What is the problem statement?
Consider we have 5 balls (1,2,3,4,5).
We are allowed to either pair them or keep them single. One ball can be paired only once in each sub-case. So our aim is to find the total number of ways of doing it.
For example:
let ball's are = [1,2,3]
cases:
[1,2,3] none are paired.
[{1,2},3] 1 and 2 are paired.
[1,{2,3}] 2 and 3 are paired.
[{1,3},2] 1 and 3 are paired.
so total no of ways are: 4
We cover this problem in the following sections:
- Intuition towards the solution
- Brute force approach
- Dynamic Programming
Intuition towards the solution
If we consider the total number of ways of pairing or being single of 'n' distinct objects = C(N).

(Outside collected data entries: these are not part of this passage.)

(* Let $n\ge1$ and let $\mathbf{k}:\mathbb{R}^{2n}\to\mathbb{R}$ be a continuous function such that there is a continuous $\tilde{\mathbf{k}}:\mathbb{R}^n\to\mathbb{R}$ with $\mathbf{k}(x,y)=\tilde{\mathbf{k}}(x-y)$ for all $x,y\in\mathbb{R}^n$. Let $\Omega_S$ be the set of all real $2\times 2n$ matrices of the form $A=\begin{bmatrix} w & 0\\ 0 & -w\end{bmatrix}$, $w\in\mathbb{R}^n$, and \[ \mathcal{M}(\Omega_S)=\operatorname{span}\{\,z\mapsto g(Az):\ A\in\Omega_S,\ g\in C(\mathbb{R}^2,\mathbb{R})\,\},\qquad z\in\mathbb{R}^{2n}. \] Then $\mathbf{k}$ belongs to the closure of $\mathcal{M}(\Omega_S)$ in $C(\mathbb{R}^{2n},\mathbb{R})$ with the topology of uniform convergence on compact sets. In addition, if $\mathbf{k}$ is symmetric, i.e. $\mathbf{k}(x,y)=\mathbf{k}(y,x)$ for all $x,y$, then for every compact set $K\subset\mathbb{R}^{2n}$ and every $\epsilon>0$ there exist positive integers $M_1,M_2$, coefficients $c_j\in\mathbb{R}$, vectors $w_j\in\mathbb{R}^n$ ($j=1,\dots,M_1$) and numbers $t_k\in\mathbb{R}$ ($k=1,\dots,M_2$) such that for all $(x,y)\in K$ \[ \Big|\mathbf{k}(x,y)-\sum_{j=1}^{M_1}\sum_{k=1}^{M_2}\frac{c_j}{M_2}\cos(\langle w_j,x\rangle+t_k)\cos(\langle w_j,y\rangle+t_k)\Big|<\epsilon. \]
   Context: $\langle\cdot,\cdot\rangle$ is the standard inner product on $\mathbb{R}^n$. *)

(* R : realType, R^m rendered as column vectors 'cV[R]_m
   with the (product) topology of matrix_topology. *)
From HB Require Import structures.
From mathcomp Require Import all_boot all_order all_algebra.
From mathcomp Require Import all_classical all_reals all_analysis.
Set Implicit Arguments. Unset Strict Implicit. Unset Printing Implicit Defensive.
Import Order.TTheory GRing.Theory Num.Theory.
Import numFieldNormedType.Exports.
Local Open Scope classical_set_scope.
Local Open Scope ring_scope.

Definition dotv (R : realType) (n : nat) (u v : 'cV[R]_n) : R :=
  \sum_(i < n) u i ord0 * v i ord0.

Definition OmegaS_mx (R : realType) (n : nat) (w : 'cV[R]_n) : 'M[R]_(1 + 1, n + n) :=
  block_mx w^T 0 0 (- w^T).

Definition OmegaS (R : realType) (n : nat) : set 'M[R]_(1 + 1, n + n) :=
  [set A | exists w : 'cV[R]_n, A = OmegaS_mx w].

Definition M_OmegaS (R : realType) (n : nat) : set ('cV[R]_(n + n) -> R) :=
  [set f | exists (m : nat) (c : 'I_m -> R) (A : 'I_m -> 'M[R]_(1 + 1, n + n))
             (g : 'I_m -> 'cV[R]_(1 + 1) -> R),
       (forall i, @OmegaS R n (A i)) /\ (forall i, continuous (g i)) /\
       f = (fun z => \sum_(i < m) c i * g i (A i *m z))].

(* closure in C(R^m, R) for the topology of uniform convergence on compacts:
   every basic neighbourhood {f | sup_K |k - f| < eps} of k meets S *)
Definition in_compact_closure (R : realType) (m : nat)
    (S : set ('cV[R]_m -> R)) (k : 'cV[R]_m -> R) : Prop :=
  forall (K : set 'cV[R]_m) (eps : R), compact K -> 0 < eps ->
    exists f, S f /\ forall z, K z -> `|k z - f z| < eps.

From HB Require Import structures.
From mathcomp Require Import all_boot all_order all_algebra finmap.
From mathcomp Require Import all_classical all_reals all_analysis.
From mathcomp Require Import ring lra.
Set Implicit Arguments. Unset Strict Implicit. Unset Printing Implicit Defensive.
Import Order.TTheory GRing.Theory Num.Theory.
Import numFieldNormedType.Exports.
Local Open Scope classical_set_scope.
Local Open Scope ring_scope.

(* The block matrix [w 0; 0 -w] sends z = (x, y) to (<w, x>, -<w, y>), so M(Omega_S)
   contains every trigonometric polynomial in x - y.  Trigonometric polynomials on
   R^n form an algebra that contains the constants and separates points, hence by
   the Stone-Weierstrass theorem (in its lattice form, using polynomials converging
   to |t| on [-1, 1]) they approximate kt uniformly on the compact set
   {x - y | (x, y) in K}.  If k is symmetric then kt is even, and averaging an
   approximant p with p(-.) leaves a cosine polynomial sum_j c_j cos <w_j, x - y>;
   finally cos (a - b) = cos a cos b + cos (a + pi/2) cos (b + pi/2) gives the
   announced form with M2 = 2 and phases 0, pi/2. *)

Section AbsPoly.
Variable R : realFieldType.

Fixpoint abs_poly (k : nat) : {poly R} :=
  if k is k'.+1 then abs_poly k' + ('X^2 - abs_poly k' ^+ 2) * (2^-1)%:P else 0.

(* With [e := |t| - q_k(t)] the recursion reads [e' = e (1 - |t| + e/2)]. *)
Lemma abs_poly_bound k (t : R) : `|t| <= 1 ->
  0 <= `|t| - (abs_poly k).[t] <= `|t| /\
  (`|t| - (abs_poly k).[t]) * (1 + k%:R * `|t| / 2) <= `|t|.
Proof.
move=> t1; have a0 := normr_ge0 t.
have t2 : t ^+ 2 = `|t| ^+ 2 by rewrite real_normK ?num_real.
elim: k => [|k [/andP [e0 ea] ek]].
  by rewrite /= horner0 subr0 mul0r mul0r addr0 mulr1 lexx a0.
rewrite /= !(hornerE, horner_exp) t2 -[k.+1%:R]natr1.
move: t1 e0 ea ek; set a := `|t|; set q := (abs_poly k).[t] => t1 e0 ea ek.
have -> : a - (q + (a ^+ 2 - q ^+ 2) * 2^-1) = (a - q) * (1 - a + (a - q) / 2).
  by field.
move: e0 ea ek; set e := a - q => e0 ea ek.
have k0 := ler0n R k.
have h1 : 0 <= 1 - a + e / 2 by lra.
have h2 : 1 - a + e / 2 <= 1 - a / 2 by lra.
split; first by apply/andP; split; [exact: mulr_ge0 | nra].
have h : (1 - a + e / 2) * (1 + (k%:R + 1) * a / 2) <= 1 + k%:R * a / 2 by nra.
rewrite -mulrA; apply: le_trans ek; exact: ler_wpM2l.
Qed.

Lemma abs_poly_approx k (t : R) : `|t| <= 1 ->
  `| `|t| - (abs_poly k).[t] | * k%:R <= 2.
Proof.
move=> t1; have [/andP [e0 ea] ek] := abs_poly_bound k t1.
rewrite ger0_norm //; have k0 := ler0n R k.
have [t0|t0] := eqVneq `|t| 0.
  have -> : `|t| - (abs_poly k).[t] = 0 by rewrite t0 in ea; lra.
  by rewrite mul0r.
have a0 : 0 < `|t| by rewrite lt_def t0 normr_ge0.
rewrite -(ler_pM2r a0); nra.
Qed.

End AbsPoly.

Lemma open_lt_continuous (R : realType) (T : topologicalType) (f g : T -> R) :
  continuous f -> continuous g -> open [set z | f z < g z].
Proof.
move=> fc gc; have -> : [set z | f z < g z] = (fun z => g z - f z) @^-1` [set r | 0 < r].
  by apply/seteqP; split => z /=; rewrite subr_gt0.
apply: open_comp; last exact: open_gt.
by move=> z _; apply: continuousB; [exact: gc | exact: fc].
Qed.

Lemma continuous_mx_entries (T U : topologicalType) (m p : nat)
    (F : T -> 'M[U]_(m, p)) :
  (forall i j, continuous (fun x => F x i j)) -> continuous F.
Proof.
move=> Fc x S [P hP sub].
apply: (filterS (P := [set y | forall i j, P i j (F y i j)])) => [y Py|]; first exact: sub.
apply: filter_forall => i; apply: filter_forall => j.
exact: Fc i j x (P i j) (hP i j).
Qed.

Section StoneWeierstrass.
Variables (R : realType) (T : ptopologicalType) (A : set (T -> R)).
Hypotheses (A_cst : forall c, A (fun=> c))
  (A_add : forall f g, A f -> A g -> A (fun x => f x + g x))
  (A_scale : forall c f, A f -> A (fun x => c * f x))
  (A_mul : forall f g, A f -> A g -> A (fun x => f x * g x))
  (A_continuous : forall f, A f -> continuous f)
  (A_bounded : forall f, A f -> exists M, forall x, `|f x| <= M).

Lemma A_horner q f : A f -> A (fun x => q.[f x]).
Proof.
move=> Af; elim/poly_ind: q => [|q c IH].
  by under eq_fun do rewrite horner0; exact: A_cst.
under eq_fun do rewrite hornerMXaddC.
by apply: A_add; [exact: A_mul | exact: A_cst].
Qed.

Variable C : set T.

Definition approximable g := forall eps, 0 < eps ->
  exists2 p, A p & forall x, C x -> `|g x - p x| < eps.

Lemma approximable_A f : A f -> approximable f.
Proof. by move=> Af eps e0; exists f => // x _; rewrite subrr normr0. Qed.

Lemma approximable_closed g :
  (forall eps, 0 < eps -> exists2 h, approximable h & forall x, C x -> `|g x - h x| < eps) ->
  approximable g.
Proof.
move=> gh eps e0; have e2 : 0 < eps / 2 by lra.
have [h /(_ _ e2) [p Ap hp] gh'] := gh _ e2.
exists p => // x Cx; have := hp x Cx; have := gh' x Cx.
have := ler_normD (g x - h x) (h x - p x); rewrite addrA subrK; lra.
Qed.

Lemma approximableD g1 g2 : approximable g1 -> approximable g2 ->
  approximable (fun x => g1 x + g2 x).
Proof.
move=> ap1 ap2 eps e0; have e2 : 0 < eps / 2 by lra.
have [p1 Ap1 H1] := ap1 _ e2; have [p2 Ap2 H2] := ap2 _ e2.
exists (fun x => p1 x + p2 x); first exact: A_add.
move=> x Cx; have := H1 x Cx; have := H2 x Cx.
have := ler_normD (g1 x - p1 x) (g2 x - p2 x).
have -> : g1 x - p1 x + (g2 x - p2 x) = g1 x + g2 x - (p1 x + p2 x) by ring.
lra.
Qed.

Lemma approximableZ c g : approximable g -> approximable (fun x => c * g x).
Proof.
move=> ap eps e0; have c1 : 0 < `|c| + 1 by have := normr_ge0 c; lra.
have [p Ap H] := ap _ (divr_gt0 e0 c1).
exists (fun x => c * p x); first exact: A_scale.
move=> x Cx; rewrite -mulrBr normrM.
have := H x Cx; rewrite ltr_pdivlMr // => h.
have := normr_ge0 (g x - p x); have := normr_ge0 c; nra.
Qed.

(* [|p| = M |p/M|] is approximated by [M q_k(p/M)], with [|p| <= M] and [k > 2M/eps]. *)
Lemma approximable_norm_A p : A p -> approximable (fun x => `|p x|).
Proof.
move=> Ap eps e0; have [M0 HM0] := A_bounded Ap.
pose M := `|M0| + 1; have M0' : 0 < M by rewrite /M; have := normr_ge0 M0; lra.
have HM x : `|p x| <= M by apply: le_trans (HM0 x) _; rewrite /M; have := ler_norm M0; lra.
pose k := Num.bound (2 * M / eps).
have hk : 2 * M < k%:R * eps.
  by rewrite -ltr_pdivrMr //; apply: archi_boundP; apply: divr_ge0; lra.
exists (fun x => M * (abs_poly R k).[M^-1 * p x]).
  by apply: A_scale; apply: A_horner; apply: A_scale.
move=> x _; set t := M^-1 * p x.
have t1 : `|t| <= 1 by rewrite normrM gtr0_norm ?invr_gt0 // ler_pdivrMl // mulr1.
have -> : `|p x| = M * `|t| by rewrite normrM gtr0_norm ?invr_gt0 // mulrA divff ?gt_eqF // mul1r.
rewrite -mulrBr normrM gtr0_norm //.
have := abs_poly_approx k t1; have := normr_ge0 (`|t| - (abs_poly R k).[t]).
have := ler0n R k; nra.
Qed.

In our case for the 3rd ball there were two choices :
-
It can either be single, and so we repeat the process for the remaining 2 items.
so we actually do recursion. -
It can pair with any one of the remaining 2 items .
so 1st case shows recursion for C(n-1) objects.
2nd case shows n-1* C(n-2) ways.
so keeping in mind the recursive factor we can write :
C(n) = C(n-1) + n-1* C(n-2)
The base cases are:
C(1) = 1
C(0) = 1
As if there is 1 or no element, there is only 1 combinations that is the input.
Brute force approach
This brute force implementation uses the recursive mechanism to compute the relation that we have found.
C(n) = C(n-1) + n-1* C(n-2)
Pseudocode:
int C(int i)
{
if(i == 0 || i == 1)
return 1;
return C(i-1) + (i-1) * C(i-2);
}
Implementation:
#include<bits/stdc++.h>
using namespace std;
int brute_force(int i)
{
if(i==1)
return 1;
else if(i==2)
return 2;
return brute_force(i-1)+(i-1)*brute_force(i-2);
}
int main()
{
int no_ele;
cin>>no_ele;
cout<<brute_force(no_ele);
}
This takes exponential time O(2^N) as the sub cases are computed multiple times. This can be optimized by using a Dynamic Programming approach.
Dynamic Programming
While seeing the recursion and overlapping we actually get the vives of using dynamic programming.The idea that makes us think using dynamic programming is that we get are actually solving small parts of the problems and then summing the results for solving the biggers cases. This sub-problem soving ideas give us a will to use dynamic programming
So what we have to do is that:
- create an array
- we have to think of storing the value of number of possible ways of pairs/single of 'i' .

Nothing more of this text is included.